## Assignment
Could you output all of the records below exactly as they appear?

## Records
>>>>>

Definition hub_block g : 'M[int]_2 := \matrix_(i, j) skew g i j.
Definition hub_rows g : 'M[int]_(2, nv g - 2) := \matrix_(i, j) skew g i (2 + j).

Ltac copy_entry c :=
  apply: (@skew_succ_copy _ c); try rewrite /emb /=; repeat case: ifP => /eqP ?; lia.
Ltac no_copy_entry :=
  rewrite skew_succ_eq0 // => -[|[|[|[|?]]]] a b //= _ a_lt b_lt;
  rewrite /emb /=; repeat case: ifP => /eqP ?; lia.

Section Successor.
Variable g : nat.
Hypothesis g_ge1 : (1 <= g)%N.
Local Notation m := (nv g - 2)%N.

(* Rows: the hubs v3, v4, then the interiors of the copies 1, 2, 3 and 4. *)
Let Ks : 'M[int]_(2 + (m + (m + m)) + m) := \matrix_(i, j) skew g.+1 (i + 2) (j + 2).

Lemma chain3_K_succ : ulsubmx Ks = chain3_mx (hub_block g) (hub_rows g) (K g).
Proof.
have n_ge4 := nv_ge4 g.
have KsT : Ks^T = - Ks by apply/matrixP => i j; rewrite !mxE skew_antisym.
rewrite -(skew_submxK (trmx_ulsub_skew KsT)); congr skew_block_mx.
- apply/matrixP => i j; move: (ltn_ord i) (ltn_ord j) => i_lt j_lt.
  rewrite !mxE /=; copy_entry 1%N.
- rewrite -[ursubmx _]hsubmxK -[rsubmx (ursubmx _)]hsubmxK.
  congr (row_mx _ (row_mx _ _)); apply/matrixP => i j; move: (ltn_ord j) => j_lt.
  + rewrite delta_mulmxE !mxE; case: i => [[|[|i]] i_lt] //=.
    * rewrite mul1r; copy_entry 0%N.
    * rewrite mul0r; no_copy_entry.
  + rewrite !mxE; case: i => [[|[|i]] i_lt] //=; copy_entry 1%N.
  + rewrite delta_mulmxE !mxE; case: i => [[|[|i]] i_lt] //=.
    * rewrite mul0r; no_copy_entry.
    * rewrite mul1r; copy_entry 2%N.
- rewrite -[drsubmx _]submxK -[drsubmx (drsubmx _)]submxK.
  congr (block_mx _ _ _ (block_mx _ _ _ _)); apply/matrixP => i j;
    move: (ltn_ord i) (ltn_ord j) => i_lt j_lt; rewrite !mxE /=.
  + copy_entry 0%N.
  + no_copy_entry.
  + no_copy_entry.
  + copy_entry 1%N.
  + no_copy_entry.
  + no_copy_entry.
  + copy_entry 2%N.
Qed.

Lemma det_K_succ :
  \det (K g.+1) = \det (chain3_mx (hub_block g) (hub_rows g) (K g)) * \det (K g).
Proof.
have n_ge4 := nv_ge4 g.
have -> : \det (K g.+1) = \det Ks.
  by apply: (det_mx_fun_cast (fun i j => skew g.+1 (i + 2) (j + 2))); rewrite nv_succ //; lia.
rewrite -[Ks]submxK chain3_K_succ.
have -> : ursubmx Ks = 0.
  apply/matrixP => i j; move: (ltn_ord i) (ltn_ord j) => i_lt j_lt.
  by rewrite !mxE /=; no_copy_entry.
have -> : drsubmx Ks = K g.
  apply/matrixP => i j; move: (ltn_ord i) (ltn_ord j) => i_lt j_lt.
  by rewrite !mxE /=; copy_entry 3%N.
by rewrite det_lblock.
Qed.
End Successor.

Lemma trmx_K g : (K g)^T = - K g.
Proof. by apply/matrixP => i j; rewrite !mxE skew_antisym. Qed.

Lemma det_A_skew_block g :
  \det (A g) = \det (skew_block_mx (hub_block g) (hub_rows g) (K g)).
Proof.
have n_ge4 := nv_ge4 g.
pose As : 'M[int]_(2 + (nv g - 2)) := \matrix_(i, j) skew g i j.
have -> : \det (A g) = \det As.
  by apply: (det_mx_fun_cast (fun i j => skew g i j)); lia.
have AsT : As^T = - As by apply/matrixP => i j; rewrite !mxE skew_antisym.
rewrite -(skew_submxK AsT); congr (\det (skew_block_mx _ _ _));
  by apply/matrixP => i j; rewrite !mxE /= ?[(2 + _)%N]addnC.
Qed.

<<<<<

## Solution to the problem
Definition hub_block g : 'M[int]_2 := \matrix_(i, j) skew g i j.
Definition hub_rows g : 'M[int]_(2, nv g - 2) := \matrix_(i, j) skew g i (2 + j).

Ltac copy_entry c :=
  apply: (@skew_succ_copy _ c); try rewrite /emb /=; repeat case: ifP => /eqP ?; lia.
Ltac no_copy_entry :=
  rewrite skew_succ_eq0 // => -[|[|[|[|?]]]] a b //= _ a_lt b_lt;
  rewrite /emb /=; repeat case: ifP => /eqP ?; lia.

Section Successor.
Variable g : nat.
Hypothesis g_ge1 : (1 <= g)%N.
Local Notation m := (nv g - 2)%N.

(* Rows: the hubs v3, v4, then the interiors of the copies 1, 2, 3 and 4. *)
Let Ks : 'M[int]_(2 + (m + (m + m)) + m) := \matrix_(i, j) skew g.+1 (i + 2) (j + 2).

Lemma chain3_K_succ : ulsubmx Ks = chain3_mx (hub_block g) (hub_rows g) (K g).
Proof.
have n_ge4 := nv_ge4 g.
have KsT : Ks^T = - Ks by apply/matrixP => i j; rewrite !mxE skew_antisym.
rewrite -(skew_submxK (trmx_ulsub_skew KsT)); congr skew_block_mx.
- apply/matrixP => i j; move: (ltn_ord i) (ltn_ord j) => i_lt j_lt.
  rewrite !mxE /=; copy_entry 1%N.
- rewrite -[ursubmx _]hsubmxK -[rsubmx (ursubmx _)]hsubmxK.
  congr (row_mx _ (row_mx _ _)); apply/matrixP => i j; move: (ltn_ord j) => j_lt.
  + rewrite delta_mulmxE !mxE; case: i => [[|[|i]] i_lt] //=.
    * rewrite mul1r; copy_entry 0%N.
    * rewrite mul0r; no_copy_entry.
  + rewrite !mxE; case: i => [[|[|i]] i_lt] //=; copy_entry 1%N.
  + rewrite delta_mulmxE !mxE; case: i => [[|[|i]] i_lt] //=.
    * rewrite mul0r; no_copy_entry.
    * rewrite mul1r; copy_entry 2%N.
- rewrite -[drsubmx _]submxK -[drsubmx (drsubmx _)]submxK.
  congr (block_mx _ _ _ (block_mx _ _ _ _)); apply/matrixP => i j;
    move: (ltn_ord i) (ltn_ord j) => i_lt j_lt; rewrite !mxE /=.
  + copy_entry 0%N.
  + no_copy_entry.
  + no_copy_entry.
  + copy_entry 1%N.
  + no_copy_entry.
  + no_copy_entry.
  + copy_entry 2%N.
Qed.

Lemma det_K_succ :
  \det (K g.+1) = \det (chain3_mx (hub_block g) (hub_rows g) (K g)) * \det (K g).
Proof.
have n_ge4 := nv_ge4 g.
have -> : \det (K g.+1) = \det Ks.
  by apply: (det_mx_fun_cast (fun i j => skew g.+1 (i + 2) (j + 2))); rewrite nv_succ //; lia.
rewrite -[Ks]submxK chain3_K_succ.
have -> : ursubmx Ks = 0.
  apply/matrixP => i j; move: (ltn_ord i) (ltn_ord j) => i_lt j_lt.
  by rewrite !mxE /=; no_copy_entry.
have -> : drsubmx Ks = K g.
  apply/matrixP => i j; move: (ltn_ord i) (ltn_ord j) => i_lt j_lt.
  by rewrite !mxE /=; copy_entry 3%N.
by rewrite det_lblock.
Qed.
End Successor.

Lemma trmx_K g : (K g)^T = - K g.
Proof. by apply/matrixP => i j; rewrite !mxE skew_antisym. Qed.

Lemma det_A_skew_block g :
  \det (A g) = \det (skew_block_mx (hub_block g) (hub_rows g) (K g)).
Proof.
have n_ge4 := nv_ge4 g.
pose As : 'M[int]_(2 + (nv g - 2)) := \matrix_(i, j) skew g i j.
have -> : \det (A g) = \det As.
  by apply: (det_mx_fun_cast (fun i j => skew g i j)); lia.
have AsT : As^T = - As by apply/matrixP => i j; rewrite !mxE skew_antisym.
rewrite -(skew_submxK AsT); congr (\det (skew_block_mx _ _ _));
  by apply/matrixP => i j; rewrite !mxE /= ?[(2 + _)%N]addnC.
Qed.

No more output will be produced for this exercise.